ASSIGNMENT: For the entries that follow, count the lines containing the string "rowP" and write only the number.

RECORD EXTRACTS:
Lemma sub_point_neq0 i j : i != j -> (x i - x j != 0) || (y i - y j != 0).
Proof.
move/distinct; apply: contraNT; rewrite negb_or !negbK !subr_eq0.
by case/andP => /eqP -> /eqP ->.
Qed.

Lemma line_increment a b c :
  (forall i, a * x i + b * y i = c) ->
  forall i j, a * (x i - x j) + b * (y i - y j) = 0.
Proof. by move=> line i j; rewrite !mulrBr addrACA -opprD !line subrr. Qed.

Lemma parallel_increments_on_line a b c px py :
  (forall i, a * x i + b * y i = c) -> parallel_increments px py ->
  forall i j, a * px i + b * py i = a * px j + b * py j.
Proof.
move=> line par i j; apply/eqP; rewrite -subr_eq0; apply/eqP.
have [-> | ij] := eqVneq i j; first by rewrite subrr.
have normal : cross (- b) a (x i - x j) (y i - y j) = 0.
  by rewrite /cross -[RHS]oppr0 -(line_increment line i j); ring.
have := cross_eq0_trans (sub_point_neq0 ij) (par i j) normal.
by rewrite /cross => <-; ring.
Qed.

Lemma not_collinear_off_line i j :
  i != j -> ~ collinear x y -> exists k, area i j k != 0.
Proof.
move=> ij not_line.
have [k ijk | area0] := pickP (fun k => area i j k != 0); first by exists k.
case: not_line; exists (y i - y j), (x j - x i), (y i * x j - x i * y j); split.
  by case/orP: (sub_point_neq0 ij) => ?; [right; rewrite -opprB oppr_eq0 | left].
move=> k; move/negbFE/eqP: (area0 k); rewrite /area /cross => ijk.
by apply/eqP; rewrite -subr_eq0 -ijk; apply/eqP; ring.
Qed.

Lemma parallel_increments_shift l a b px py :
  parallel_increments px py ->
  parallel_increments (fun k => px k - l * x k - a) (fun k => py k - l * y k - b).
Proof. by move=> par i j; rewrite -[RHS](par i j) /cross; ring. Qed.

Lemma parallel_increments_vanish px py i j k :
  parallel_increments px py -> px i = 0 -> py i = 0 -> px j = 0 -> py j = 0 ->
  area i j k != 0 -> px k = 0 /\ py k = 0.
Proof.
move=> par pxi pyi pxj pyj ijk.
have := par k i; have := par k j; rewrite pxi pyi pxj pyj !subr0 => kj ki.
apply: cross_parallel2_eq0 ki kj _.
by apply: contra ijk => /eqP <-; apply/eqP; rewrite /area /cross; ring.
Qed.

End Configuration.

Lemma parallel_increments_affine (R : fieldType) n (x y px py : 'I_n -> R) i j k :
  (forall i j, i != j -> (x i, y i) != (x j, y j)) ->
  area x y i j k != 0 -> parallel_increments x y px py ->
  exists l a b, forall t, px t = l * x t + a /\ py t = l * y t + b.
Proof.
move=> distinct ijk par.
have ji : j != i by apply: contraNneq ijk => ->; rewrite /area /cross !subrr !mul0r subrr.
have [l [lx ly]] := cross_eq0_scale (sub_point_neq0 distinct ji) (par j i).
(* Removing the dilation-translation that matches p on the edge ij leaves a
   field Q vanishing at i and j, hence at k; a point on the line ij other
   than i lies off the line ik. *)
pose a := px i - l * x i; pose b := py i - l * y i.
pose Qx t := px t - l * x t - a; pose Qy t := py t - l * y t - b.
have parQ : parallel_increments x y Qx Qy := parallel_increments_shift l a b par.
have Qxi : Qx i = 0 by rewrite /Qx /a; ring.
have Qyi : Qy i = 0 by rewrite /Qy /b; ring.
have Qxj : Qx j = 0.
  by rewrite -[RHS](subrr (px j - px i)) [X in _ = _ - X]lx /Qx /a; ring.
have Qyj : Qy j = 0.
  by rewrite -[RHS](subrr (py j - py i)) [X in _ = _ - X]ly /Qy /b; ring.
have [Qxk Qyk] := parallel_increments_vanish parQ Qxi Qyi Qxj Qyj ijk.
suff Q0 t : Qx t = 0 /\ Qy t = 0.
  exists l, a, b => t; have [Qxt Qyt] := Q0 t.
  by split; apply/eqP; rewrite -subr_eq0 opprD addrA; apply/eqP.
have [ijt | /negbNE /eqP ijt0] := boolP (area x y i j t != 0).
  exact: parallel_increments_vanish parQ Qxi Qyi Qxj Qyj ijt.
have [-> | ti] := eqVneq t i; first by [].
apply: parallel_increments_vanish parQ Qxi Qyi Qxk Qyk _.
apply: contra ijk => /eqP ikt0; apply/eqP.
exact: cross_eq0_trans (sub_point_neq0 distinct ti) ijt0 ikt0.
Qed.

Definition momentum (R : pzRingType) n (m px py : 'I_n -> R) :=
  flat (fun k => m k * px k) (fun k => m k * py k).

Lemma twist_flat (R : pzRingType) n (m x y : 'I_n -> R) i j :
  twist m x y i j =
  flat (fun k => if k == i then m j * (y i - y j)
                 else if k == j then - (m i * (y i - y j)) else 0)
       (fun k => if k == i then - (m j * (x i - x j))
                 else if k == j then m i * (x i - x j) else 0).
Proof.
have double_eq a b : (2 * a == 2 * b)%N = (a == b) by lia.
have even_odd a b : (2 * a == (2 * b).+1)%N = false by lia.
have odd_even a b : ((2 * a).+1 == 2 * b)%N = false by lia.
apply: flatP => k; rewrite (flat_x, flat_y) mxE /=.
  by rewrite !double_eq !even_odd.
by rewrite !odd_even !eqSS !double_eq.
Qed.

Lemma momentum_twist_dot (R : comPzRingType) n (m x y px py : 'I_n -> R) i j :
  i != j ->
  (momentum m px py *m (twist m x y i j)^T) 0 0 =
  m i * m j * cross (px i - px j) (py i - py j) (x i - x j) (y i - y j).
Proof.
move=> ij; rewrite twist_flat mul_flat_tr (bigD1 i) // (bigD1 j) 1?eq_sym //=.
rewrite big1 => [|k /andP [ki kj]]; last by rewrite (negbTE ki) (negbTE kj) !mulr0 addr0.
by rewrite !eqxx [j == i]eq_sym (negbTE ij) /cross; ring.
Qed.

Definition twist_seq (R : pzRingType) n (m x y : 'I_n -> R) :=
  [seq twist m x y i j | i <- enum 'I_n, j <- [seq j <- enum 'I_n | j != i]].

Definition twist_matrix (R : pzRingType) n (m x y : 'I_n -> R) :=
  \matrix_(l < size (twist_seq m x y)) (twist_seq m x y)`_l.

Lemma dim_twist_span (R : fieldType) n (m x y : 'I_n -> R) :
  \dim (twist_span m x y) = \rank (twist_matrix m x y).
Proof. exact: dimv_span_rank. Qed.

Lemma mem_twist_seq (R : pzRingType) n (m x y : 'I_n -> R) v :
  v \in twist_seq m x y <-> exists i j, i != j /\ v = twist m x y i j.
Proof.
split=> [/allpairsPdep [i [j [_ j_i ->]]] | [i [j [ij ->]]]].
  by exists i, j; move: j_i; rewrite mem_filter eq_sym => /andP [].
apply: (allpairs_f_dep (fun i j => twist m x y i j)); first by rewrite mem_enum.
by rewrite mem_filter mem_enum eq_sym ij.
Qed.

Section Twists.
Variables (R : fieldType) (n : nat) (m x y : 'I_n -> R).
Hypothesis m_neq0 : forall k, m k != 0.

Lemma momentum_eq0 px py : momentum m px py = 0 -> forall k, px k = 0 /\ py k = 0.
Proof.
move=> p0 k; have mk0 a : m k * a = 0 -> a = 0.
  by move/eqP; rewrite mulf_eq0 (negbTE (m_neq0 k)) => /eqP.
have := congr1 (fun u : 'rV[R]_(2 * n) => u 0 (xidx k)) p0.
have := congr1 (fun u : 'rV[R]_(2 * n) => u 0 (yidx k)) p0.
by rewrite /= flat_x flat_y !mxE => /mk0 -> /mk0 ->.
Qed.

Lemma twist_kernelP u :
  u *m (twist_matrix m x y)^T = 0 <->
  exists px py, u = momentum m px py /\ parallel_increments x y px py.
Proof.
rewrite mulmx_tr_rows_eq0P; split=> [orth | [px [py [-> par]]] v]; last first.
  by case/mem_twist_seq => i [j [ij ->]]; rewrite momentum_twist_dot // par mulr0.
have u_momentum :
    u = momentum m (fun k => u 0 (xidx k) / m k) (fun k => u 0 (yidx k) / m k).
  by rewrite -[LHS]flat_coord; apply: eq_flat => k; rewrite mulrC divfK.
exists (fun k => u 0 (xidx k) / m k), (fun k => u 0 (yidx k) / m k); split => // i j.
have [-> | ij] := eqVneq i j; first by rewrite /cross; ring.
have twist_ij : twist m x y i j \in twist_seq m x y by apply/mem_twist_seq; exists i, j.
have /eqP := orth _ twist_ij.
by rewrite {1}u_momentum momentum_twist_dot // !mulf_eq0 !(negbTE (m_neq0 _)) => /eqP.
Qed.

Hypothesis distinct : forall i j, i != j -> (x i, y i) != (x j, y j).

Lemma rank_twist_matrix_not_collinear :
  (1 < n)%N -> ~ collinear x y -> \rank (twist_matrix m x y) = (2 * n - 3)%N.
Proof.
move=> n_gt1 not_line.
pose i : 'I_n := Ordinal (ltnW n_gt1); pose j : 'I_n := Ordinal n_gt1.
have [k ijk] := not_collinear_off_line distinct (isT : i != j) not_line.
pose f (w : 'rV[R]_3) :=
  momentum m (fun t => w 0 0 * x t + w 0 1) (fun t => w 0 0 * y t + w 0 2).
apply: (@mxrank_kernel_image _ _ _ _ _ f).
- by move=> c w1 w2; apply/rowP => l; rewrite !mxE; case: ifP => _; ring.
- move=> w /momentum_eq0 w0.
  have w00 : w 0 0 = 0.
    have wx : w 0 0 * (x i - x j) = 0.
      transitivity ((w 0 0 * x i + w 0 1) - (w 0 0 * x j + w 0 1)); first by ring.
      by rewrite (w0 i).1 (w0 j).1 subrr.
    have wy : w 0 0 * (y i - y j) = 0.
      transitivity ((w 0 0 * y i + w 0 2) - (w 0 0 * y j + w 0 2)); first by ring.
      by rewrite (w0 i).2 (w0 j).2 subrr.
    case/orP: (sub_point_neq0 distinct (isT : i != j)) => neq;
      [move/eqP: wx | move/eqP: wy]; by rewrite mulf_eq0 (negbTE neq) orbF => /eqP.
  have [w01 w02] := w0 i; rewrite w00 !mul0r !add0r in w01 w02.
  apply/rowP => r; rewrite mxE; case: r => [[|[|[|//]]] lt_r];
    [rewrite -w00 | rewrite -w01 | rewrite -w02]; congr (w 0 _); exact: val_inj.
- move=> u; rewrite twist_kernelP; split=> [[px [py [-> par]]] | [w ->]].
    have [l [a [b affine]]] := parallel_increments_affine distinct ijk par.
    exists (\row_(r < 3) [:: l; a; b]`_r).
    by apply: eq_flat => t; rewrite !mxE /= ?(affine t).1 ?(affine t).2.
  exists (fun t => w 0 0 * x t + w 0 1), (fun t => w 0 0 * y t + w 0 2).
  by split=> // t1 t2; rewrite /cross; ring.
Qed.

Lemma rank_twist_matrix_collinear :
  (0 < n)%N -> collinear x y -> \rank (twist_matrix m x y) = (2 * n - (n + 1))%N.
Proof.
move=> n_gt0 [a [b [c [ab line]]]].
(* In the basis (-b, a), (ex, ey) of R^2, the second coordinate of p is
   <(a, b), p>, which the kernel condition makes independent of the point. *)
have [ex [ey unit_e]] : exists ex ey, a * ex + b * ey = 1.
  by case: ab => [a0 | b0]; [exists a^-1, 0 | exists 0, b^-1];
    rewrite ?mulr0 ?add0r ?addr0 mulfV.
pose t (w : 'rV[R]_(n + 1)) k := w 0 (lshift 1 k).
pose s (w : 'rV[R]_(n + 1)) := w 0 (rshift n ord0).
pose f w := momentum m (fun k => - b * t w k + ex * s w) (fun k => a * t w k + ey * s w).
apply: (@mxrank_kernel_image _ _ _ _ _ f).
- move=> r w1 w2; apply/rowP => l; rewrite !mxE /t /s !mxE; case: ifP => _; ring.
- move=> w /momentum_eq0 w0.
  have s0 : s w = 0.
    have [wx wy] := w0 (Ordinal n_gt0).
    transitivity (a * (- b * t w (Ordinal n_gt0) + ex * s w)
                  + b * (a * t w (Ordinal n_gt0) + ey * s w)).
      by rewrite -[LHS]mul1r -unit_e; ring.
    by rewrite wx wy !mulr0 addr0.
  have t0 k : t w k = 0.
    have [wx wy] := w0 k; rewrite s0 !mulr0 !addr0 in wx wy.
    by case: ab => neq; [move/eqP: wy | move/eqP: wx];
      rewrite mulf_eq0 ?oppr_eq0 (negbTE neq) => /eqP.
  rewrite -[w]hsubmxK -row_mx0; congr row_mx; apply/rowP => r; rewrite !mxE.
    exact: t0.
  by rewrite ord1; exact: s0.
- move=> u; rewrite twist_kernelP; split=> [[px [py [-> par]]] | [w ->]].
    have level := parallel_increments_on_line distinct line par.
    exists (row_mx (\row_k (ex * py k - ey * px k))
                   (const_mx (a * px (Ordinal n_gt0) + b * py (Ordinal n_gt0)))).
    apply: eq_flat => k /=; rewrite /t /s row_mxEl row_mxEr !mxE -(level k);
      by congr (_ * _); rewrite -[LHS]mulr1 -unit_e; ring.
  exists (fun k => - b * t w k + ex * s w), (fun k => a * t w k + ey * s w).
  split=> // i j; rewrite -[RHS](mulr0 (- (t w i - t w j))) -(line_increment line i j) /cross.
  by ring.
Qed.

End Twists.

Theorem mainTheorem1 (R : realFieldType) (n : nat) (m x y : 'I_n -> R) :
  (2 <= n)%N ->
  (forall i, 0 < m i) ->
  (forall i j, i != j -> (x i, y i) != (x j, y j)) ->
  (collinear x y -> \dim (twist_span m x y) = (n - 1)%N) /\
  (~ collinear x y -> \dim (twist_span m x y) = (2 * n - 3)%N).
Proof.
move=> n_ge2 m_gt0 distinct; have m_neq0 k : m k != 0 by rewrite gt_eqF.
rewrite dim_twist_span; split=> [line | not_line].
  have n_gt0 : (0 < n)%N by lia.
  by rewrite (rank_twist_matrix_collinear m_neq0 distinct n_gt0 line); lia.
exact: rank_twist_matrix_not_collinear.
Qed.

COMPLETED EXERCISE: 4